Now, this may be appropriate and even faster than the 2 table design … but there are some disadvantages … I have to write all these routines, I may need to load the parameters into PL/SQL arrays before being able to iterate through them (should I need to, of course) … in fact, the only use of Oracle’s analytics is that DENSE_RANK call outside.

The big ?advantage? of the 2-table implementation is that it already has the data organized vertically … is ready for heavy querying as is.

Consider …

create table epp
( id integer not null
,name varchar2(10) not null
,constraint epp_pk primary key (id)
,constraint epp_uk unique (name)
);

create table epp_segm
( epp_id integer not null
,segm_seq integer not null
,segm_offset integer not null
,unit_price integer not null
,constraint epp_segm_pk primary key (epp_id, segm_seq)
,constraint epp_segm_fk foreign key (epp_id) references epp (id)
,constraint epp_segm_chk check (segm_seq between 1 and 4)
);

insert into epp values (1,'Plan A');
insert into epp_segm values (1,1, 10,10);
insert into epp_segm values (1,2, 30,15);
insert into epp_segm values (1,3, 20,20);
insert into epp_segm values (1,4,140,24);

insert into epp values (2,'Plan B');
insert into epp_segm values (2,1, 20, 8);
insert into epp_segm values (2,2, 25,15);
insert into epp_segm values (2,3, 25,22);
insert into epp_segm values (2,4,130,24);

commit;

If I look at the data with this …

select epp_id
,segm_seq
,segm_offset
,unit_price
,sum(segm_offset) over (partition by epp_id order by segm_seq) as x
,sum(segm_offset*unit_price) over (partition by epp_id order by segm_seq) as y
from epp_segm
;

EPP_ID SEGM_SEQ SEGM_OFFSET UNIT_PRICE X Y
---------- ---------- ----------- ---------- ---------- ----------
1 1 10 10 10 100
1 2 30 15 40 550
1 3 20 20 60 950
1 4 140 24 200 4310
2 1 20 8 20 160
2 2 25 15 45 535
2 3 25 22 70 1085
2 4 130 24 200 4205

I can now almost see my graphs …
With MW on the x-axis and $price on the y-axis I can plot these:

Plan 1: (0,0) , (10,100) , (40,550) , (60, 950) , (200,4310)
Plan 2: (0,0) , (20,160) , (45,535) , (70,1085) , (200,4205)

The 2 queries I listed above are now equivalent with:
A. finding the intersection points, with the graphs, for the line given by x=42MW … the one with the lowest y is the cheapest price.
B. finding the intersection points, with the graphs, for the line given by y=400$ … the one with the highest x is the bigger MW volume for the budget.

One handy with trigonometry can even generalize the linear function for price plans (needs to get into COS, SIN, TAN, etc.) and use that for the PL/SQL function mentioned in the 1-table implementation.

With SQL I can do (maybe not the most elegant!) …

select epp_id
,to_char(max(decode(sign(x-42),-1,0,y-(x-42)*unit_price)),'999.99') price
,dense_rank() over (order by max(decode(sign(x-42),-1,0,y-(x-42)*unit_price))) as rank_by_price
from
(
select epp_id
,segm_seq
,segm_offset
,unit_price
,sum(segm_offset) over (partition by epp_id order by segm_seq) as x
,sum(segm_offset*unit_price) over (partition by epp_id order by segm_seq) as y
from epp_segm
) t
group by epp_id
order by epp_id
;

EPP_ID PRICE RANK_BY_PRICE
---------- ------- -------------
1 590.00 2
2 490.00 1

So, I have all the Oracle analytics to R&R.

I don’t know which approach is faster (your opinion would be welcomed) … the tradeoff seems to be between build-in vs. build-out functionality rather than normalization. In fact, the “normalization” is not even an issue since this is now very much a calculation, derivation work-horse (it would be like arguing for 3NF for a DW) … the queries will get faster the more I pre-calculate and store. The insert/update OLTP side definitely pales in comparison with the rest.
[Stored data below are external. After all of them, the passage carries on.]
(* Let $\mathbf{L}\in\mathbb{R}^{n\times n}$ be symmetric and $\mathbf{V}\in\mathbb{R}^{n\times p}$ ($0\le p\le n$) of full column rank, such that $\widetilde{\mathbf{L}}=(\mathbf{I}-\mathbf{Q}\mathbf{Q}^\top)\mathbf{L}(\mathbf{I}-\mathbf{Q}\mathbf{Q}^\top)$ is positive semi-definite, where $\mathbf{Q}\in\mathbb{R}^{n\times p}$ is an orthonormal basis of the column span of $\mathbf{V}$. Let $\sigma^2>0$ and, for $\varepsilon>0$, let $$\mathbf{M}_\varepsilon=(\mathbf{L}+\varepsilon^{-1}\mathbf{V}\mathbf{V}^\top)(\mathbf{L}+\sigma^2\mathbf{I}+\varepsilon^{-1}\mathbf{V}\mathbf{V}^\top)^{-1}.$$ Then as $\varepsilon\to0$, $$\mathbf{M}_\varepsilon=\mathbf{Q}\mathbf{Q}^\top+\widetilde{\mathbf{U}}\widetilde{\boldsymbol\Lambda}(\widetilde{\boldsymbol\Lambda}+\sigma^2\mathbf{I})^{-1}\widetilde{\mathbf{U}}^\top+O(\varepsilon)=\mathbf{Q}\mathbf{Q}^\top+\widetilde{\mathbf{L}}(\widetilde{\mathbf{L}}+\sigma^2\mathbf{I})^{-1}+O(\varepsilon),$$ where $\widetilde{\mathbf{L}}=\widetilde{\mathbf{U}}\widetilde{\boldsymbol\Lambda}\widetilde{\mathbf{U}}^\top$ is the truncated spectral decomposition of $\widetilde{\mathbf{L}}$ ($\widetilde{\boldsymbol\Lambda}$ the diagonal matrix of its nonzero eigenvalues, $\widetilde{\mathbf{U}}$ the corresponding orthonormal eigenvectors).
   Context: $\mathbf{M}_\varepsilon$ is the smoother matrix of GP regression with covariance matrix $\mathbf{L}+\varepsilon^{-1}\mathbf{V}\mathbf{V}^\top$ and noise variance $\sigma^2$. *)

From HB Require Import structures.
From mathcomp Require Import all_boot all_order all_algebra.
From mathcomp Require Import reals.
Set Implicit Arguments. Unset Strict Implicit. Unset Printing Implicit Defensive.
Import Order.TTheory GRing.Theory Num.Theory.
Local Open Scope ring_scope.

Definition psdmx (R : realType) (n : nat) (A : 'M[R]_n) : Prop :=
  forall x : 'cV[R]_n, 0 <= (x^T *m A *m x) 0 0.

(* f(eps) = O(eps) as eps -> 0 (eps > 0): entrywise (all norms on a
   finite-dimensional space are equivalent). *)
Definition bigO_eps (R : realType) (m n : nat) (f : R -> 'M[R]_(m, n)) : Prop :=
  exists C : R, exists delta : R, 0 < delta /\
    forall eps : R, 0 < eps -> eps < delta ->
      forall i j, `|f eps i j| <= C * eps.

Definition smoother (R : realType) (n p : nat) (L : 'M[R]_n) (V : 'M[R]_(n, p))
  (sigma2 eps : R) : 'M[R]_n :=
  (L + eps^-1 *: (V *m V^T)) *m invmx (L + sigma2%:M + eps^-1 *: (V *m V^T)).

Definition Ltilde (R : realType) (n p : nat) (L : 'M[R]_n) (Q : 'M[R]_(n, p)) : 'M[R]_n :=
  (1%:M - Q *m Q^T) *m L *m (1%:M - Q *m Q^T).

(* Write s = sigma^2, P = Q Q^T, P' = 1 - P and B_eps = L + s + eps^-1 V V^T, so
   that the smoother is 1 - s B_eps^-1.  Rescaling the ran P component turns
   the singular perturbation into a regular one:
     B_eps (P' + eps P) = E + eps F,
   with E = (L + s) P' + V V^T invertible and F = (L + s) P.  Hence
   B_eps^-1 = (P' + eps P) (E + eps F)^-1 = P' E^-1 + O(eps), and P' E^-1 is
   the compressed resolvent P' (Ltilde + s)^-1 P' = (Ltilde + s)^-1 - s^-1 P.
   The error is exactly -s eps (P - P' E^-1 F) (E + eps F)^-1, bounded through
   a Neumann-series estimate in the entrywise l1 norm.  The spectral form
   follows by conjugating the resolvent of diag d with U. *)

From HB Require Import structures.
From mathcomp Require Import all_boot all_order all_algebra.
From mathcomp Require Import reals.
From mathcomp Require Import lra.
Set Implicit Arguments. Unset Strict Implicit. Unset Printing Implicit Defensive.
Import Order.TTheory GRing.Theory Num.Theory.
Local Open Scope ring_scope.

Section EntrywiseNorm.
Variable R : realType.

Lemma ler_term_sum (I : finType) (F : I -> R) i :
  (forall j, 0 <= F j) -> F i <= \sum_j F j.
Proof. by move=> F_ge0; rewrite (bigD1 i) //= lerDl sumr_ge0. Qed.

Definition mxnorm m n (A : 'M[R]_(m, n)) : R := \sum_i \sum_j `|A i j|.

Lemma mxnorm_ge0 m n (A : 'M[R]_(m, n)) : 0 <= mxnorm A.
Proof. by apply: sumr_ge0 => i _; apply: sumr_ge0. Qed.

Lemma ler_entry_mxnorm m n (A : 'M[R]_(m, n)) i j : `|A i j| <= mxnorm A.
Proof.
apply: (le_trans (@ler_term_sum _ (fun l => `|A i l|) j _)) => //.
by apply: (@ler_term_sum _ (fun k => \sum_l `|A k l|)) => k; apply: sumr_ge0.
Qed.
Now … what is the mentioned “linear-program optimization calculation” engine doing then? Well, probably this and more (kind of curios who’s salesman got there first). Hence the whole thing may have just been about staging some data after all.

Hence, I feel I owe you an apology … if nothing else, about my long ranting being “long”.

Given the same conjecture I would still come strong against “normalization is overrated”. Why? Because “normalization is rated” also leaves room for the illogical extremes but has this positive connotation to it (excluding any other considerations, the same model normalized vs. denormalized looks to me like a C function with vs. without ASSERTs … hence, at least something is always better). I see it a bit like “positive reinforcement” … I want my kids to learn music … but, while they are young and vulnerable, I rather their teacher don’t use Pink Floyd’s “ … I don’t need no education …” as class material. Well, this is it.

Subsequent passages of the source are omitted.